Optimising Humann run time - low species number - uniref database question

Hello. I was hoping to ask a quick question about the Humann run time on conda, as I have been running a single sample for nearly 48 hours. I also apologise for my naivety, I typically work with 16S and ITS amplicon sequencing data so this is all new for me. The samples are paired-ended metagenomic data from soils, sequenced on the NextSeq 2000 with 150x150bp. For this particular sample, I started off with roughly 4.9 gigabases of data. Before trimming, just about all of the reads were >140bp in length. I trimmed the data using fastp, which dropped it to around 4.6 gigabases of data. I used fastp because I was concerned about the polyG tails generated from nextseq sequencing and I was uncertain about how Kneadata/trimmomatic deals with it. I then used the trimmed data with Kneaddata and using the human_genome database. I bypassed the trim step and I concatenated the final output. (Side question: looking at the raw pair1 and raw pair2, they have the same numbers. I assume Kneaddata combines them?). The Kneaddata log files specifics 14044534 for final pair1 and final pair2, which I believe equates to 4.2 gigabases of data (14044534*300 / 1000000000). I am currently using the concatenated file (X_Kneaded.fastq) as my input file for Humann3. The concatenated file is nearly 11 gigabytes in size. I am using the the databases: chocophlan and uniref90_diamond. I am running the humann command with all the defaults and 24 threads. This one sample has been running for nearly 48 hours. I don’t think(?) the command is stuck because it is writing data to the tmp folder. Is this typical?

Secondary question: I was uncertain about how to use the argument “–memory-use” and what the minimum value is? I have 768 gigabytes of memory available. Should I use the memory use argument and set it to ~ --memory_use 700, 750?

Third question: I know that Humann uses Metaphlan for taxonomic assignment. Am I able to get the taxonomic data after Humann finishes running or do I need to run Metaphlan as well?

Thank you so much for your help!


Hello.
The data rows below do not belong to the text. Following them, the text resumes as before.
(* Let $X\in\mathbb{R}^{n\times p}$, $\mathbf y\in\mathbb{R}^n$, $\mathbf y\neq\mathbf 0$, $0<\lambda_1\le\|X^T\mathbf y\|_\infty$, $0<\lambda_2<\lambda_1$, and $\mathbf x\in\mathbb{R}^n$ with $\mathbf x\neq\mathbf 0$. Let $\mathbf a=\frac{\mathbf y}{\lambda_1}-\boldsymbol\theta_1^*$ and $\mathbf b=\frac{\mathbf y}{\lambda_2}-\boldsymbol\theta_1^*$. Consider the optimization problem $$\min_{\mathbf r\in\mathbb{R}^n}\ \langle\mathbf x,\mathbf r\rangle\quad\text{subject to}\quad \langle\mathbf a,\mathbf r+\mathbf b\rangle\le 0,\ \ \|\mathbf r\|_2^2\le\|\mathbf b\|_2^2.$$ Its optimal value equals $-\|\mathbf x\|_2\|\mathbf b\|_2$ if $\frac{\langle\mathbf b,\mathbf a\rangle}{\|\mathbf b\|_2}\le\frac{\langle\mathbf x,\mathbf a\rangle}{\|\mathbf x\|_2}$, and otherwise (in which case $\mathbf a\ne\mathbf 0$) it equals $$-\|\mathbf x^\perp\|_2\sqrt{\|\mathbf b\|_2^2-\frac{\langle\mathbf b,\mathbf a\rangle^2}{\|\mathbf a\|_2^2}}-\frac{\langle\mathbf a,\mathbf b\rangle\langle\mathbf x,\mathbf a\rangle}{\|\mathbf a\|_2^2},$$ where $\mathbf x^\perp=\mathbf x-\mathbf a\frac{\langle\mathbf x,\mathbf a\rangle}{\|\mathbf a\|_2^2}$.
   Context: $X\in\mathbb{R}^{n\times p}$ is a matrix and $\mathbf y\in\mathbb{R}^n$ a vector. Let $F=\{\boldsymbol\theta\in\mathbb{R}^n:\|X^T\boldsymbol\theta\|_\infty\le 1\}$. For $\lambda>0$, the Lasso dual optimum $\boldsymbol\theta^*(\lambda)$ is the unique minimizer of $\frac12\|\boldsymbol\theta-\mathbf y/\lambda\|_2^2$ over $\boldsymbol\theta\in F$, i.e. the Euclidean projection of $\mathbf y/\lambda$ onto $F$. Write $\boldsymbol\theta_1^*=\boldsymbol\theta^*(\lambda_1)$. *)

From HB Require Import structures.
From mathcomp Require Import all_boot all_order all_algebra.
Set Implicit Arguments. Unset Strict Implicit. Unset Printing Implicit Defensive.
Import Order.TTheory GRing.Theory Num.Theory.
Local Open Scope ring_scope.
Lemma ycoef_neq0 j : (j < k)%N -> ycoef j != 0.
Proof. by move=> jk; rewrite pnatr_eq0 muln_eq0 negb_or subn_eq0 -ltnNge jk. Qed.

Lemma ycoefk : ycoef k = 0.
Proof. by rewrite /ycoef subnn. Qed.

Lemma rhok_y2E (i j : 'I_k.+1) : Y i j = if (i : nat) == j.+1 then ycoef j else 0.
Proof. by rewrite !mxE /= mulr1 !mulr0 add0r; do 3 case: ifP => //. Qed.

Lemma mulYmx p (A : 'M[R]_(k.+1, p)) i j :
  (Y *m A) i j = if (0 < i)%N then ycoef i.-1 * A (inord i.-1) j else 0.
Proof.
rewrite mxE; case: posnP => [i0|i_gt0].
  by rewrite big1 // => l _; rewrite rhok_y2E i0 mul0r.
rewrite (bigD1 (inord i.-1)) //= big1 ?addr0 => [|l /negbTE nl].
  have ik : (i.-1 < k.+1)%N by rewrite (leq_ltn_trans (leq_pred _)).
  by rewrite rhok_y2E inordK // prednK // eqxx.
rewrite rhok_y2E; case: eqP => [il|_]; last by rewrite mul0r.
by move: nl; rewrite il /= -val_eqE /= inordK ?eqxx.
Qed.

Lemma mulmxY p (A : 'M[R]_(p, k.+1)) i j :
  (A *m Y) i j = if (j < k)%N then A i (inord j.+1) * ycoef j else 0.
Proof.
rewrite mxE; case: ltnP => [jk|kj].
  rewrite (bigD1 (inord j.+1)) //= big1 ?addr0 => [|l /negbTE nl].
    by rewrite rhok_y2E inordK // eqxx.
  rewrite rhok_y2E; case: eqP => [lj|_]; last by rewrite mulr0.
  by move: nl; rewrite -val_eqE /= inordK // -lj eqxx.
rewrite big1 // => l _; rewrite rhok_y2E; case: eqP => [lj|_]; last by rewrite mulr0.
by have := ltn_ord l; rewrite lj ltnS leqNgt (leq_ltn_trans kj).
Qed.

Fact rhok_is_linear : linear (@rhok R k).
Proof. by move=> a X X'; apply/matrixP => i j; rewrite !mxE; repeat case: ifP => _; ring. Qed.

HB.instance Definition _ := GRing.isLinear.Build R 'M[R]_2 'M[R]_k.+1 _ (@rhok R k) rhok_is_linear.

Lemma sum_ord2 (F : 'I_2 -> R) : \sum_(i < 2) F i = F 0 + F 1.
Proof. by rewrite big_ord_recl big_ord1; congr (_ + F _); apply: val_inj. Qed.

Lemma mxtrace_y2 : \tr (y2 R) = 0.
Proof. by rewrite /mxtrace sum_ord2 !mxE /= addr0. Qed.

Lemma mxtrace_rhok (X : 'M[R]_2) : \tr X = 0 -> \tr (rhok k X) = 0.
Proof.
rewrite /mxtrace sum_ord2 => trX.
have -> : \sum_(i < k.+1) rhok k X i i =
          \sum_(i < k.+1) ((k - i)%:R * X 1 1 + i%:R * X 0 0).
  by apply: eq_bigr => i _; rewrite mxE (ltn_eqF (ltnSn i)) eqxx.
rewrite big_split /= -!mulr_suml.
have -> : \sum_(i < k.+1) (k - i)%:R = \sum_(i < k.+1) i%:R :> R.
  rewrite (reindex_inj rev_ord_inj) /=; apply: eq_bigr => i _.
  by rewrite subKn // -ltnS.
by rewrite -mulrDr addrC trX mulr0.
Qed.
I just wanted to provide an update. It ended up finishing running after about 2.5 days. However, now I am having an issue with a high percentage of unaligned reads after translation (~70%) using the uniref90 database.
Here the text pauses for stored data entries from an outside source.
Lemma expectB g1 g2 : bounded_mfun g1 -> bounded_mfun g2 ->
  expect (fun x => g1 x - g2 x) = expect g1 - expect g2.
Proof.
move=> h1 h2; have h2N : bounded_mfun (fun x => -1 * g2 x).
  case: h2 => m2 [K hK]; split; first exact: measurable_realfun.measurable_funM.
  by exists K => x Dx; rewrite mulN1r normrN hK.
rewrite (@eq_expect _ (fun x => g1 x + -1 * g2 x)); last by move=> x _; ring.
by rewrite expectD // expectZ // mulN1r.
Qed.

Lemma ler_expect g1 g2 : bounded_mfun g1 -> bounded_mfun g2 ->
  (forall x, D x -> g1 x <= g2 x) -> expect g1 <= expect g2.
Proof.
case: hf => _ [fpos _] h1 h2 h.
apply: (le_Rintegral measurable_types (bounded_mfun_integrable h1)
  (bounded_mfun_integrable h2)) => x Dx.
by rewrite ler_pM2r ?h// fpos.
Qed.

Lemma expect_ge0 g : (forall x, D x -> 0 <= g x) -> 0 <= expect g.
Proof.
case: hf => _ [fpos _] h; apply: Rintegral_ge0 => x Dx.
by rewrite mulr_ge0 ?h// ltW// fpos.
Qed.

Lemma expect1 : expect (fun=> 1) = 1.
Proof.
case: hf => _ [_ [_ h]]; rewrite /expect -[RHS]h.
by apply: eq_Rintegral => x _; rewrite mul1r.
Qed.

Lemma expect0 : expect (fun=> 0) = 0.
Proof.
rewrite /expect; under eq_Rintegral do rewrite mul0r.
by rewrite Rintegral_cst ?mul0r //; exact: measurable_types.
Qed.

(* A nonnegative integrand with zero expectation vanishes almost everywhere,
   hence so does any integrand vanishing wherever it does. *)
Lemma expect_null h g : bounded_mfun h -> bounded_mfun g ->
  (forall x, D x -> 0 <= h x) -> expect h = 0 ->
  (forall x, D x -> h x = 0 -> g x = 0) -> expect g = 0.
Proof.
move=> gh gg h0 Ih hg; have fpos := proj1 (proj2 hf).
have Ifin := integrable_fin_num measurable_types (bounded_mfun_integrable gh).
have I0 : (\int[mu]_(x in D) (h x * f x)%:E = 0)%E.
  by rewrite -(fineK Ifin); move: Ih; rewrite /expect /Rintegral => ->.
have Iabs : (\int[mu]_(x in D) `|(h x * f x)%:E| = 0)%E.
  rewrite -I0; apply: eq_integral => x /set_mem Dx.
  by rewrite gee0_abs // lee_fin mulr_ge0 ?h0 // ltW // fpos.
have h_ae0 : ae_eq mu D (fun x => (h x * f x)%:E) (cst 0%E).
  apply/(ae_eq_integral_abs mu measurable_types); last exact: Iabs.
  apply/measurable_realfun.measurable_EFinP.
  by apply: measurable_realfun.measurable_funM; [exact: gh.1|exact: hf.1].
have g_ae0 : ae_eq mu D (fun x => (g x * f x)%:E) (cst 0%E).
  apply: filterS h_ae0 => x hx Dx.
  have /eqP : h x * f x = 0 by have := hx Dx; rewrite /cst => -[].
  rewrite mulf_eq0 => /orP[/eqP hx0|/eqP fx0]; first by rewrite /cst hg // mul0r.
  by have := fpos x Dx; rewrite fx0 ltxx.
rewrite /expect /Rintegral (ae_eq_integral (cst 0%E) _ measurable_types _ _ g_ae0).
- by rewrite integral0.
- apply/measurable_realfun.measurable_EFinP.
  by apply: measurable_realfun.measurable_funM; [exact: gg.1|exact: hf.1].
- exact: measurable_cst.
Qed.

Lemma eq_expect_off_point x0 g1 g2 : bounded_mfun g1 -> bounded_mfun g2 ->
  (forall x, D x -> x <> x0 -> g1 x = g2 x) -> expect g1 = expect g2.
Proof.
move=> gg1 gg2 h.
have g12 : ae_eq mu D (fun x => (g1 x * f x)%:E) (fun x => (g2 x * f x)%:E).
  exists [set x0]; split; [exact: measurable_set1|exact: lebesgue_measure_set1|].
  move=> t /= /not_implyP [Dt ne]; apply: contrapT => tx0.
  by apply: ne; rewrite h.
rewrite /expect /Rintegral (ae_eq_integral _ _ measurable_types _ _ g12) //.
- apply/measurable_realfun.measurable_EFinP.
  by apply: measurable_realfun.measurable_funM; [exact: gg1.1|exact: hf.1].
- apply/measurable_realfun.measurable_EFinP.
  by apply: measurable_realfun.measurable_funM; [exact: gg2.1|exact: hf.1].
Qed.

Lemma bounded_mfun_cst c : bounded_mfun (fun=> c).
Proof. by split; [exact: measurable_cst|exists `|c|]. Qed.

Lemma bounded_mfun_id : bounded_mfun id.
Proof.
split; first exact: measurable_id.
by exists 1 => x /in_types /andP[h0 h1]; rewrite ger0_norm.
Qed.

Lemma bounded_mfunD g1 g2 : bounded_mfun g1 -> bounded_mfun g2 ->
  bounded_mfun (fun x => g1 x + g2 x).
Proof.
move=> [m1 [K1 h1]] [m2 [K2 h2]].
split; first exact: measurable_realfun.measurable_funD.
exists (K1 + K2) => x Dx; apply: le_trans (ler_normD _ _) _.
exact: lerD (h1 x Dx) (h2 x Dx).
Qed.

Lemma bounded_mfunM g1 g2 : bounded_mfun g1 -> bounded_mfun g2 ->
  bounded_mfun (fun x => g1 x * g2 x).
Proof.
move=> [m1 [K1 h1]] [m2 [K2 h2]].
split; first exact: measurable_realfun.measurable_funM.
by exists (K1 * K2) => x Dx; rewrite normrM ler_pM ?normr_ge0 ?h1 ?h2.
Qed.

Lemma bounded_mfunB g1 g2 : bounded_mfun g1 -> bounded_mfun g2 ->
  bounded_mfun (fun x => g1 x - g2 x).
Proof.
move=> h1 h2; have -> : (fun x => g1 x - g2 x) = (fun x => g1 x + (-1) * g2 x).
  by apply/funext => x; rewrite mulN1r.
by apply: bounded_mfunD => //; apply: bounded_mfunM => //; exact: bounded_mfun_cst.
Qed.

Lemma bounded_mfun_sum (I : Type) (r : seq I) (g : I -> R -> R) :
  (forall i, bounded_mfun (g i)) -> bounded_mfun (fun x => \sum_(i <- r) g i x).
Proof.
move=> hg; elim: r => [|i r IH].
  by under [fun x => _]funext do rewrite big_nil; exact: bounded_mfun_cst.
by under [fun x => _]funext do rewrite big_cons; exact: bounded_mfunD.
Qed.

Lemma expect_sum (I : Type) (r : seq I) (g : I -> R -> R) :
  (forall i, bounded_mfun (g i)) ->
  expect (fun x => \sum_(i <- r) g i x) = \sum_(i <- r) expect (g i).
Proof.
move=> hg; elim: r => [|i r IH].
  by rewrite big_nil (@eq_expect _ (fun=> 0)) ?expect0 // => x _; rewrite big_nil.
rewrite big_cons -IH -expectD //; last exact: bounded_mfun_sum.
by apply: eq_expect => x _; rewrite big_cons.
Qed.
Using the “_diamond_unaligned.fa” file, I ran some blastx on the first 5 sequences and it looks like they’re matching to microbial proteins but the percentage identity varies from 58% to 85%, so I assume I am just missing things with the uniref90. I will re-run the data with uniref50. If I only use uniref50, will I miss proteins with good matches (i.e. those hits I currently have against the uniref90 database)? Is it recommended to have both Uniref90 and Uniref50 in the same folder? Alternatively, would you recommend using the uniref90 unaligned output file “_diamond_unaligned.fa” with another humann run against the uniref50 database?

What is also strange to me is that the “_metaphlan_bugs_list” has very few microorganisms. I count roughly 15 species in this file. The starting environment was soil, so I would expect to see far more microbes. The split ended up being 97% bacteria and 3% fungi. The 97 % bacteria was represented by 13 species. Is this typical?

Another side question: From my kneaddata output, I ran some blastn on the “bowtie2_paired_contam” files and some of the hits are definitely hitting microroganisms. For example, one hit against Aspergillus Flavus strain A9 chromosome 7 (100% query, 2e-69, identity 99.34%). Is this also typical? Maybe it’s a human-associated fungal species?

Hello William, With an input file of ~11Gb, depending on the number of reads aligned in the nucleotide step I don’t think 48 hours is unexpected. I would give it ~12 hours more and if not complete at that time you might double check that it is not stuck.

The memory usage option selections are: [“minimum”,“maximum”] . Min is the default with max using a lot more memory and less disk space. We always use the “min” mode especially for large input files.

Yes, the taxonomic profile is included in the output folder.